Infosys Founder N R Narayana Murthy has criticised the salary hike of COO Pravin Rao. When you opt for retirement, it is better to keep bitterness within you and allow the world to pass by.

Narayana Murthy
Infosys founder N R Narayana Murthy

Infosys founder N R Narayana Murthy is once again peeved; this time, along with other co-founders. But one point before I move on to the issue on hand. People who opt for retirement or retire, often find fault with things around them, especially in the companies they had worked before. The fault-finding mission becomes bigger when one is the founder. But when new people are at the helm, they have new ideas which may seem wrong. One should look at a broader prism and allow the world to move on. This time, the grouse of Murthy is directed at COO Pravin Rao and his salary hike.

Murthy has come down heavily on the decision of the Infosys management to offer a hefty salary hike to Chief Operating Officer Pravin Rao. The latest missive is indicative of the continuing rift between the management led by Chairman R Seshsayee and CEO Vishal Sikka.

“Giving nearly 60 per cent to 70 percent increase in compensation for a top level person (even including performance-based variable pay) when the compensation for most of the employees in the company was increased by just 6 per cent to 8 per cent is, in my opinion, not proper,” Murthy said in a letter that many see as a move to wash dirty linen in public.

Infosys CEO Vishal Sikka and COO Pravin Rao

“This is grossly unfair to the majority of the Infosys employees including project managers, delivery managers, analysts, programmers, sales people in the field, entry level engineers, clerks and office boys who are toiling hard to make the company better. The impact of such a decision will likely erode the trust and faith of the employees in the management and the board,” Murthy said in the letter.

Murthy should leave the impact factor to the new management. If Rao has received a hike, there must be a reason and rationale. Not that staff in Infosys have huge trust and faith in the organisation.
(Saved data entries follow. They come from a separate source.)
(* The limit $\lim_{n\to\infty}\sqrt[n]{c_n}$ exists and equals $\limsup_{n\to\infty}\sqrt[n]{c_n}$.
   Context: A permutation (one-line notation) contains $321$ if there are $i<j<k$ with $\pi_i>\pi_j>\pi_k$. $\mathcal C_n$ is the set of cyclic permutations of $[n]$ (a single $n$-cycle), and $c_n=|\mathcal C_n(321)|$ is the number of cyclic permutations of $[n]$ avoiding $321$. *)

From HB Require Import structures.
From mathcomp Require Import all_boot all_order all_algebra all_fingroup.
From mathcomp Require Import all_classical all_reals all_analysis.
Set Implicit Arguments. Unset Strict Implicit. Unset Printing Implicit Defensive.

(* Permutations of [n] are 's : 'S_n' acting on {0,...,n-1}; one-line notation
   pi_i = s i (values compared as naturals). *)

Definition contains321 n (s : 'S_n) : bool :=
  [exists i : 'I_n, exists j : 'I_n, exists k : 'I_n,
     [&& (i < j)%N, (j < k)%N, (s j < s i)%N & (s k < s j)%N]].

Definition cyclic_perm n (s : 'S_n) : bool := #|porbits s| == 1%N.

Definition c_n (n : nat) : nat :=
  #|[set s : 'S_n | cyclic_perm s & ~~ contains321 s]|.

From HB Require Import structures.
From mathcomp Require Import all_boot all_order all_algebra all_fingroup.
From mathcomp Require Import all_classical all_reals all_analysis.
From mathcomp Require Import zify ring lra.
Import Order.TTheory GRing.Theory Num.Theory.
Import numFieldNormedType.Exports.

Set Implicit Arguments. Unset Strict Implicit. Unset Printing Implicit Defensive.

(** Concatenating a cyclic 321-avoider of size a with one of size b and then
   swapping the two middle values gives a cyclic 321-avoider of size a + b, so
   c_(a+b) >= c_a c_b.  A 321-avoider is increasing both on its left-to-right
   maxima and on the remaining positions, hence determined by the set of
   left-to-right maxima and their set of values: c_n <= 4^n.  By Fekete's
   argument, for a supermultiplicative sequence with c_n <= B^n the roots
   c_n^(1/n) converge to their supremum, and the limit of a convergent
   sequence is its limit superior. *)

Section PermOrbits.
Variable T : finType.
Implicit Types s : {perm T}.

Lemma perm_mem_porbit s x y : (s y \in porbit s x) = (y \in porbit s x).
Proof. by rewrite -!eq_porbit_mem -[s y]/((s ^+ 1)%g y) porbit_perm. Qed.

Lemma porbit_sub s (B : {pred T}) x :
  {in B, forall y, s y \in B} -> x \in B -> {subset porbit s x <= B}.
Proof.
move=> sB xB _ /porbitP [i ->]; elim: i => [|i IH]; first by rewrite perm1.
by rewrite expgSr permM; apply: sB.
Qed.

Lemma porbits_card1P s x : reflect (forall y, y \in porbit s x) (#|porbits s| == 1).
Proof.
apply: (iffP idP) => [/cards1P [X defX] y | sx].
  have: porbit s y \in porbits s by apply: imset_f.
  have: porbit s x \in porbits s by apply: imset_f.
  by rewrite defX !inE => /eqP-> /eqP <-; apply: porbit_id.
apply/cards1P; exists (porbit s x); apply/setP => X; rewrite inE.
apply/imsetP/eqP => [[y _ ->]|->]; last by exists x.
by apply/eqP; rewrite eq_porbit_mem.
Qed.

End PermOrbits.

Section PermDsum.
Variables m n : nat.

Definition perm_dsum_fun (s : 'S_m) (t : 'S_n) (i : 'I_(m + n)) : 'I_(m + n) :=
  match fintype.split i with inl j => lshift n (s j) | inr k => rshift m (t k) end.

Lemma perm_dsum_fun_inj s t : injective (perm_dsum_fun s t).
Proof.
rewrite /perm_dsum_fun => i1 i2.
by case: split_ordP => j1 ->; case: split_ordP => j2 -> /eqP;
  rewrite ?eq_shift // => /eqP/perm_inj ->.
Qed.

Definition perm_dsum s t : 'S_(m + n) := perm (@perm_dsum_fun_inj s t).

Lemma perm_dsumL s t j : perm_dsum s t (lshift n j) = lshift n (s j).
Proof. by rewrite permE /perm_dsum_fun (unsplitK (inl _ j)). Qed.

Lemma perm_dsumR s t k : perm_dsum s t (rshift m k) = rshift m (t k).
Proof. by rewrite permE /perm_dsum_fun (unsplitK (inr _ k)). Qed.

Lemma perm_dsum_inj s t s' t' : perm_dsum s t = perm_dsum s' t' -> s = s' /\ t = t'.
Proof.
move=> eq_st; split; apply/permP => i.
  by apply: (@lshift_inj _ n); rewrite -(perm_dsumL s t) eq_st perm_dsumL.
by apply: (@rshift_inj m); rewrite -(perm_dsumR s t) eq_st perm_dsumR.
Qed.

End PermDsum.

Section CycleJoin.
Variables a b : nat.
Local Notation lft := (@lshift a.+1 b.+1).
Local Notation rgt := (@rshift a.+1 b.+1).
Implicit Types (s : 'S_a.+1) (t : 'S_b.+1).

(* The transposition exchanges points of the two distinct cycles of
   [perm_dsum s t], which fuses them into one; in one-line notation it swaps
   the values at positions a and a+1. *)
Definition cycle_join s t : 'S_(a.+1 + b.+1) :=
  tperm (lft ord_max) (rgt ord0) * perm_dsum s t.

Lemma cycle_joinL s t j : j != ord_max -> cycle_join s t (lft j) = lft (s j).
Proof.
by move=> j_max; rewrite permM tpermD ?perm_dsumL // ?eq_lshift ?eq_rlshift // eq_sym.
Qed.

Lemma cycle_joinR s t k : k != ord0 -> cycle_join s t (rgt k) = rgt (t k).
Proof.
by move=> k0; rewrite permM tpermD ?perm_dsumR // ?eq_rshift ?eq_lrshift // eq_sym.
Qed.

Lemma cycle_join_max s t : cycle_join s t (lft ord_max) = rgt (t ord0).
Proof. by rewrite permM tpermL perm_dsumR. Qed.

Lemma cycle_join0 s t : cycle_join s t (rgt ord0) = lft (s ord_max).
Proof. by rewrite permM tpermR perm_dsumL. Qed.

Lemma cycle_join_inj s t s' t' : cycle_join s t = cycle_join s' t' -> s = s' /\ t = t'.
Proof. by move/mulgI/perm_dsum_inj. Qed.

Lemma cycle_join_cyclic s t :
  cyclic_perm s -> cyclic_perm t -> cyclic_perm (cycle_join s t).
Proof.
move=> /porbits_card1P cs /porbits_card1P ct.
apply/(porbits_card1P _ (rgt ord0)); set X := porbit _ _.
have X_step x : x \in X -> cycle_join s t x \in X by rewrite perm_mem_porbit.
have X_lft j : lft j \in X.
  have sB : {in [pred j | lft j \in X], forall j, s j \in [pred j | lft j \in X]}.
    move=> i; rewrite !inE => Xi.
    case: (eqVneq i ord_max) => [->|i_max]; last by rewrite -(cycle_joinL s t) ?X_step.
    by rewrite -(cycle_join0 s t) X_step ?porbit_id.
  apply: (porbit_sub sB _ (cs (s ord_max) j)).
  by rewrite inE -(cycle_join0 s t) X_step ?porbit_id.
have X_rgt k : rgt k \in X.
  have sB : {in [pred k | rgt k \in X], forall k, t k \in [pred k | rgt k \in X]}.
    move=> i; rewrite !inE => Xi.
    case: (eqVneq i ord0) => [->|i0]; last by rewrite -(cycle_joinR s t) ?X_step.
    by rewrite -(cycle_join_max s t) X_step.
  by apply: (porbit_sub sB _ (ct ord0 k)); rewrite inE porbit_id.
by move=> x; case: (split_ordP x) => [j ->|k ->].
Qed.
That had eroded long ago when Murthy himself was at the helm.

The deepening Murthy-created rift between the founders of the country’s second-largest software exporter and the management on governance issues is surely not a good sign. Vishal Sikka should be given a free hand and as long as he and Rao deliver results, Murthy should take retirement as a serious `business’.

In his letter, Murthy said: “Without compassionate capitalism, this country cannot create jobs and solve the problem of poverty”. But it is debatable if Murthy practiced true form of compassionate capitalism.

Here is the full text of Murthy’s letter explaining his stand on COO Pravin Rao’s pay hike

Dear Folks,

I have lots of affection for Pravin. Let me state you the facts.

I recruited Pravin in 1985 and had nurtured him throughout my stay at Infosys since then.

He had been sidelined. He was not even a member of the Executive Council at Infosys in 2013 when I came back. Kris, Shibu snd I encouraged him, elevated him to the board, and made him the COO when we recruited Vishal as the CEO. So, this abstention has nothing to do with Pravin.

Infosys
Infosys office: The crisis at the top would seriously impact the software major.

Those of us who have always stood for fairness in compensation and practised it, right from the day Infosys was founded, will have to demonstrate it when needed. This is a time when it is needed. Nothing more and nothing less.

I believe in striving towards reducing differences in compensation and equity in a corporation. You may not know that my Infosys salary at the time of the founding of Infosys was just 10% of my salary in my previous job. I ensured that my younger, co-founder colleagues got 20% higher salary over their salaries in their previous job even though I was 7 levels above them in my previous job and was 11 years older than them. I gave them huge equity compensation the like of which has never been replicated in this world. So, this abstention comes from somebody who has walked the talk.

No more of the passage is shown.